In an internet computing environment, the forms servers communicate directly with the concurrent processing servers when reports are retrieved for on-line viewing. In Release 11, this is done by using Net8 to issue a Remote Procedure Call to the concurrent processing server. The concurrent processing server runs a Net8 Listener which responds to the request by invoking an Oracle Applications executable then returning the results via Net8. Network Latency between the concurrent processing server and the forms server may result in Applications data being returned more slowly to Applications users.
To configure and set up the Web Report Review Agent, the Report Review Agent should be set up and configured as for the Smart Client environment as outlined above substituting the Forms Server for the PC client. Once this is done, it should be possible to view files using the Applications Report Viewer (appsviewer). When using certain features, such as context sensitive help and Web Report Review, the Appletviewer launches a browser to view files. To configure this, the initial HTML file should be edited to add the name of the browser that you wish to use to view help, attachments and reports and each client path should include the directory that contains the browser. Details of other variables that need to be set are provided in configuration guides for the Web Review Agent.
Whether working in a SmartClient or internet computing environment, it is good practice to limit the size of the maximum allowable size of files transferred by the Report Review Agent. This includes files downloaded by the user with the 'Copy File' menu option in the Oracle Applications ReportFile Viewer and 'temporary' files that are automatically downloaded by custom editors. Set the RRA:Maximum Transfer Size to specify the maximum file transfer size in bytes. This ensures that the network is not flooded with data and ensures that it is available for all types of transactions with no major degradation resulting from output retrieval. Apart from maintaining the integrity of the network, there is little else that can be done to improve the rate at which output is retrieved or viewed.
In a distributed environment, you can review log and output files from any node, regardless of which node the concurrent process runs on. You do not need to log onto a node to view the log and output files from requests run on that node. The concurrent log and output files from requests that run on any node are accessible online from any other node. This capability relies on set-up steps taken at install time. For more information, refer to the installation documentation for your platform.
Improving the Performance of Concurrent Processing
The key to good performance and smooth system administration is to proactively resolve problems before they turn into crises.
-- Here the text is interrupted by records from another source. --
(* [K:k] is \dim {:K}, the dimension of K as a k-vector space. *)

(* Write K = k(x) and let m be the minimal polynomial of x, of degree 4. A zero
   of phi over K is a vector Q of polynomials with m | phi(Q), which may be taken
   with coprime entries of degree < 4; let D be their maximal degree. If phi(Q) has
   degree < 3D, the leading coefficients of Q form a zero of phi over k. Otherwise
   phi(Q) = g m with deg g = 3D - 4 in {2, 5}, so g has an irreducible factor h of
   degree 1, 2 or 5, and Q is a nonzero zero of phi over k[t]/(h). In degree 2 the
   same argument with m := h leaves a linear cofactor, hence a zero over k. *)

From HB Require Import structures.
From mathcomp Require Import all_boot all_order all_algebra all_field.
From mathcomp Require Import mpoly.
From mathcomp Require Import zify.
From Stdlib Require Import Classical.
Set Implicit Arguments. Unset Strict Implicit. Unset Printing Implicit Defensive.
Import GRing.Theory.
Local Open Scope ring_scope.

Section MevalMorphism.
Variables (R S : comNzRingType) (n : nat).

Lemma rmorph_meval (f : {rmorphism R -> S}) (p : {mpoly R[n]}) (v : 'I_n -> R) :
  f p.@[v] = (map_mpoly f p).@[f \o v].
Proof.
elim/mpolyind: p => [|c m p _ _ IH]; first by rewrite !(raddf0, meval0).
rewrite mevalD rmorphD IH raddfD /= mevalD map_mpolyZ map_mpolyX.
rewrite !mevalZ !mevalX rmorphM rmorph_prod; congr (_ * _ + _).
by apply: eq_bigr => i _; rewrite rmorphXn.
Qed.

Lemma map_mpoly_comp_eq (T : nzRingType) (f : {additive S -> T})
    (g : {additive R -> S}) (h : {additive R -> T}) :
  f \o g =1 h -> forall p : {mpoly R[n]}, map_mpoly f (map_mpoly g p) = map_mpoly h p.
Proof. by move=> fgh p; apply/mpolyP => m; rewrite !mcoeff_map_mpoly; apply: fgh. Qed.

Lemma map_mpoly_dhomog (f : {rmorphism R -> S}) d (p : {mpoly R[n]}) :
  injective f -> p \is d.-homog -> map_mpoly f p \is d.-homog.
Proof.
move=> f_inj /dhomogP hp; apply/dhomogP => m.
by rewrite (perm_mem (msupp_map_mpoly _ f_inj)); apply: hp.
Qed.

End MevalMorphism.

Lemma meval_dhomog_scale (R : comNzRingType) n d (p : {mpoly R[n]}) c v :
  p \is d.-homog -> p.@[fun i => c * v i] = c ^+ d * p.@[v].
Proof.
move=> /dhomogP hp; rewrite !mevalE mulr_sumr; apply: eq_big_seq => m /hp <-.
rewrite mulrCA; congr (_ * _).
rewrite (_ : c ^+ _ = c ^+ (\sum_i m i)%N); last by rewrite -mdegE.
rewrite -prodrXr -big_split /=.
by apply: eq_bigr => i _; rewrite exprMn.
Qed.

Section PolynomialEvaluation.
Variable R : comNzRingType.
Implicit Types p q : {poly R}.

Lemma coefM_top p q a b : (size p <= a.+1)%N -> (size q <= b.+1)%N ->
  (size (p * q)%R <= (a + b).+1)%N /\ (p * q)`_(a + b) = p`_a * q`_b.
Proof.
move=> sp sq; split; first by apply: leq_trans (size_polyMleq p q) _; lia.
have ha : (a < (a + b).+1)%N by rewrite ltnS leq_addr.
rewrite coefM (bigD1 (Ordinal ha)) //= addKn big1 ?addr0 // => -[j hj] /= hne.
have [ltja|ltaj|eja] := ltngtP j a.
- by rewrite [q`__]nth_default ?mulr0 //; apply: leq_trans sq _; lia.
- by rewrite nth_default ?mul0r //; apply: leq_trans sp _.
- by move: hne; rewrite -val_eqE /= eja eqxx.
Qed.

Lemma coefXn_top p D m : (size p <= D.+1)%N ->
  (size (p ^+ m) <= (m * D).+1)%N /\ (p ^+ m)`_(m * D) = p`_D ^+ m.
Proof.
move=> sp; elim: m => [|m [IHs IHc]]; first by rewrite !expr0 mul0n size_poly1 coefC.
have [sM cM] := coefM_top sp IHs.
by rewrite exprS mulSn; split => //; rewrite cM IHc exprS.
Qed.

Lemma coef_prod_top (I : Type) (r : seq I) (F : I -> {poly R}) (d : I -> nat) :
  (forall i, size (F i) <= (d i).+1)%N ->
  (size (\prod_(i <- r) F i)%R <= (\sum_(i <- r) d i).+1)%N /\
  (\prod_(i <- r) F i)`_(\sum_(i <- r) d i) = \prod_(i <- r) (F i)`_(d i).
Proof.
move=> sF; elim: r => [|i r [IHs IHc]]; first by rewrite !big_nil size_poly1 coefC.
have [sM cM] := coefM_top (sF i) IHs.
by rewrite !big_cons; split => //; rewrite cM IHc.
Qed.

Definition meval_poly n (p : {mpoly R[n]}) (Q : 'I_n -> {poly R}) : {poly R} :=
  (map_mpoly polyC p).@[Q].

Lemma meval_poly_top n d (p : {mpoly R[n]}) (Q : 'I_n -> {poly R}) D :
  p \is d.-homog -> (forall i, size (Q i) <= D.+1)%N ->
  (size (meval_poly p Q) <= (d * D).+1)%N /\
  (meval_poly p Q)`_(d * D) = p.@[fun i => (Q i)`_D].
Proof.
move=> /dhomogP hp sQ.
rewrite /meval_poly mevalE (perm_big _ (msupp_map_mpoly _ (@polyC_inj R))) mevalE.
have term m : m \in msupp p ->
  (size ((map_mpoly polyC p)@_m * \prod_i Q i ^+ m i)%R <= (d * D).+1)%N /\
  ((map_mpoly polyC p)@_m * \prod_i Q i ^+ m i)`_(d * D) =
     p@_m * \prod_i (Q i)`_D ^+ m i.
  move=> /hp hm; rewrite mcoeff_map_mpoly mul_polyC coefZ.
  have [] := coef_prod_top (index_enum 'I_n) (fun i => (coefXn_top (m i) (sQ i)).1).
  rewrite -big_distrl /= -mdegE hm => sP cP; split.
    exact: leq_trans (size_scale_leq _ _) sP.
  by rewrite cP; congr (_ * _); apply: eq_bigr => i _; rewrite (coefXn_top _ (sQ i)).2.
split; last by rewrite coef_sum; apply: eq_big_seq => m /term[].
rewrite big_seq; elim/big_rec: _ => [|m q /term[sm _] IH]; first by rewrite size_poly0.
by apply: leq_trans (size_polyD _ _) _; rewrite geq_max IH sm.
Qed.

Lemma meval_poly_dhomog_scale n d (p : {mpoly R[n]}) (c : {poly R}) Q :
  p \is d.-homog -> meval_poly p (fun i => c * Q i) = c ^+ d * meval_poly p Q.
Proof. by move=> hp; apply/meval_dhomog_scale/map_mpoly_dhomog => //; apply: polyC_inj. Qed.

End PolynomialEvaluation.

Section ResidueField.
Variables (k : fieldType) (h : {poly k}) (hI : monic_irreducible_poly h).

Lemma in_qpoly_eq0 p : (in_qpoly h p == 0) = (h %| p).
Proof.
by rewrite Pdiv.Field.dvdpE /Pdiv.CommonRing.rdvdp -(inj_eq val_inj) /= mk_monicE.
Qed.

Lemma in_qpoly_modp p : in_qpoly h (p %% h) = in_qpoly h p.
Proof.
apply/eqP; rewrite -subr_eq0 -rmorphB in_qpoly_eq0.
by rewrite {2}(divp_eq p h) opprD addrCA subrr addr0 dvdpNr dvdp_mull.
Qed.

Lemma dim_qfpoly : \dim {: {poly %/ h with hI}} = (size h).-1.
Proof. by rewrite /qfpoly /qpoly dim_polyn mk_monicE. Qed.

End ResidueField.

Lemma minPoly_base (k : fieldType) (K : fieldExtType k) (x : K) :
  exists2 m : {poly k}, monic_irreducible_poly m & map_poly (in_alg K) m = minPoly 1 x.
Proof.
have /polyOver1P [m em] := minPolyOver 1 x; exists m => //; split; last first.
  by rewrite -(map_monic (in_alg K)) -em monic_minPoly.
split; first by rewrite -(size_map_poly (in_alg K)) -em size_minPoly.
move=> q sq qm.
have q1 : map_poly (in_alg K) q \is a polyOver 1%VS by apply/polyOver1P; exists q.
have : map_poly (in_alg K) q %| minPoly 1 x by rewrite em dvdp_map.
move/(minPoly_irr q1)/orP => -[]; first by rewrite em eqp_map.
by rewrite -(rmorph1 (map_poly (in_alg K))) eqp_map -size_poly_eq1 (negbTE sq).
Qed.

Lemma monic_irreducible_eqp (k : fieldType) (p : {poly k}) :
  irreducible_poly p -> exists2 h, monic_irreducible_poly h & h %= p.
Proof.
move=> [sp ip]; have p0 : p != 0 by rewrite -size_poly_gt0 ltnW.
have lc0 : (lead_coef p)^-1 != 0 by rewrite invr_eq0 lead_coef_eq0.
exists ((lead_coef p)^-1 *: p); last exact: eqp_scale.
split; last by rewrite monicE lead_coefZ mulVf ?lead_coef_eq0.
split; first by rewrite size_scale.
by move=> q sq; rewrite dvdpZr // => /(ip q sq) /eqp_trans; apply; rewrite eqp_sym eqp_scale.
Qed.

Lemma irreducible_factor (k : fieldType) (g : {poly k}) : (1 < size g)%N ->
  exists2 h, monic_irreducible_poly h & h %| g /\
    (size h = size g \/ (2 * (size h).-1 <= (size g).-1)%N).
Proof.
elim: {g}(size g) {-2}g (leqnn (size g)) => [|N IH] g sgN sg1; first by move: sgN; lia.
have g0 : g != 0 by rewrite -size_poly_gt0 ltnW.
have [g_irr|g_red] := classic (irreducible_poly g).
  have [h hI hg] := monic_irreducible_eqp g_irr.
  by exists h => //; split; [rewrite (eqp_dvdl _ hg) | left; apply: eqp_size].
have [d [sd1 dg d_ng]] : exists d : {poly k}, [/\ size d != 1%N, d %| g & ~~ (d %= g)].
  apply: NNPP => no_d; apply: g_red; split => // q sq qg.
  by apply: contraT => nqg; case: no_d; exists q.
have [e ge] : exists e, g = e * d by exists (g %/ d); rewrite divpK.
have [e0 d0] : e != 0 /\ d != 0 by apply/norP; rewrite -mulf_eq0 -ge.
have sg : size g = (size e + size d).-1 by rewrite ge size_mul.
have sd_lt : (size d < size g)%N by rewrite ltn_neqAle (dvdp_size_eqp dg) d_ng dvdp_leq.
have := size_poly_gt0 d; have := size_poly_gt0 e; rewrite d0 e0 => se0 sd0.
have [f [fg sf1 sf_lt sf_half]] : exists f : {poly k}, [/\ f %| g, (1 < size f)%N,
    (size f < size g)%N & (2 * (size f).-1 <= (size g).-1)%N].
  have [sde|sed] := leqP (size d) (size e).
  - by exists d; split => //; lia.
  - by exists e; split; [rewrite ge dvdp_mulr | lia..].
have [h hI [hf sh]] := IH f (ltac:(lia)) sf1.
exists h => //; split; first exact: dvdp_trans hf fg.
by right; case: sh; lia.
Qed.

Section IsotropyDescent.
Variables (k : fieldType) (n : nat) (phi : {mpoly k[n]}).
Hypothesis phi_cubic : cubic_form phi.

Definition isotropic_deg (d : nat) :=
  exists L : fieldExtType k, \dim {:L} = d /\ isotropic (base_change L phi).

(* Isotropy of phi over k[t]/(m), with the zero represented by polynomials. *)
Definition isotropic_mod (m : {poly k}) :=
  exists Q : 'I_n -> {poly k}, (exists i, ~~ (m %| Q i)) /\ m %| meval_poly phi Q.

Definition coprime_entries (Q : 'I_n -> {poly k}) :=
  forall h : {poly k}, (1 < size h)%N -> exists i, ~~ (h %| Q i).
As an on-going practice, it is important to ensure that you obtain best results from the machine and processing resources that you have.
• Educate users and encourage them to schedule long-running, non-critical requests outside core hours.
• Monitor parameters that users enter to ensure that they are not inadvertently running open-ended reports
that provide more information than they intended to see.
• Monitor for locks on tables to ensure that users are not locking each other out of tables for an extended
period of time.
• Watch for runaway requests where a requests take a long time to run, showing increasing CPU clock time
with a process id of 1 on Unix with no other Unix processes referencing them. These are ones where
Oracle or Unix has lost track of the request. If this is the case, the processes may not be cleaned up
automatically by Oracle. On Unix, the kill command may be used to terminate them. Runaway processes
from any other source should also be monitored and dealt with.
• Monitor for failures of the ICM or CRM that could result in delays in processing jobs with incompatibilities
or delays in detecting other manager problems that would result in a queue backlog building up.
• Report performance problems with standard reports to Oracle Support Services, investigate problems with
custom reports in-house.
In the longer term, you can really only achieve better processing throughput and performance by adjusting concurrent manager assignments and request scheduling. Use historical information in AOL tables to gather information, subject to data purge policies of the system administrator.
After analysis of concurrent processing workload, it may be appropriate to customise the available concurrent managers to optimise the use of concurrent processing by balancing the flow of processing. Work shifts and specialisation rules can be used to achieve this by customising existing manager definitions or adding new ones.
Long running, expensive jobs may be isolated and forced to run serially in their own concurrent managers, possibly even outside regular office hours to avoid too much of a drain for other types of work in a normal high level transaction processing environment.
Jobs with a similar profile may be grouped together and processed by the same concurrent manager to enable each manager to be defined in a custom way to increase efficiency. For example, running all unconstrained jobs through a manager with a low sleep value reduces the likelihood that it will ever be unable to run work and thereby causes it to run continuously without invoking its sleep parameter.
Concurrent Manager Balancing
Determine which concurrent manager and program combinations are potential bottlenecks by identifying which concurrent managers run which programs. Use data in the AOL tables to identify requests that would be suitable candidates for rescheduling to distribute load more evenly.
Identify time periods with the greatest wait times and examine requests that were run and that were waiting during this time. Conversely, identify time periods when concurrent managers had excess capacity by comparing jobs that were run by each concurrent manager against its total capacity to determine capacity utilisation.
To reduce wait time and balance queue usage, consider rescheduling a program to run when the concurrent managers have excess capacity. Alternatively consider designating certain concurrent managers to process either short or long running programs to help mitigate queue backup.
If all queues are running at or near maximum capacity, it may be necessary to add more queues. You can define as many concurrent managers as analysis of your workload requires and as the power of your server allows. However, you should exercise caution to ensure that the CPU of the machine is not overloaded through the use of excessive manger definitions or processes assigned to each manager definition.
If all system resources are also fully utilised, it may be necessary to add additional hardware to support processing demands or consider using (or extending) a parallel concurrent processing environment.
Queue Specialisation
Measure elapsed run time of requests to identify jobs that consistently take a long time to run and those that consistently complete in a short time. Compare the running time of fast requests to the time that they regularly spend queuing. Ensure that your findings are consistent over a period of time by querying the fastest and slowest times that each request took to run the longest and shortest times that they waited and the total number of times that each job was executed. Use the information gathered to decide how to assign programs to queues and choose candidates for further tuning.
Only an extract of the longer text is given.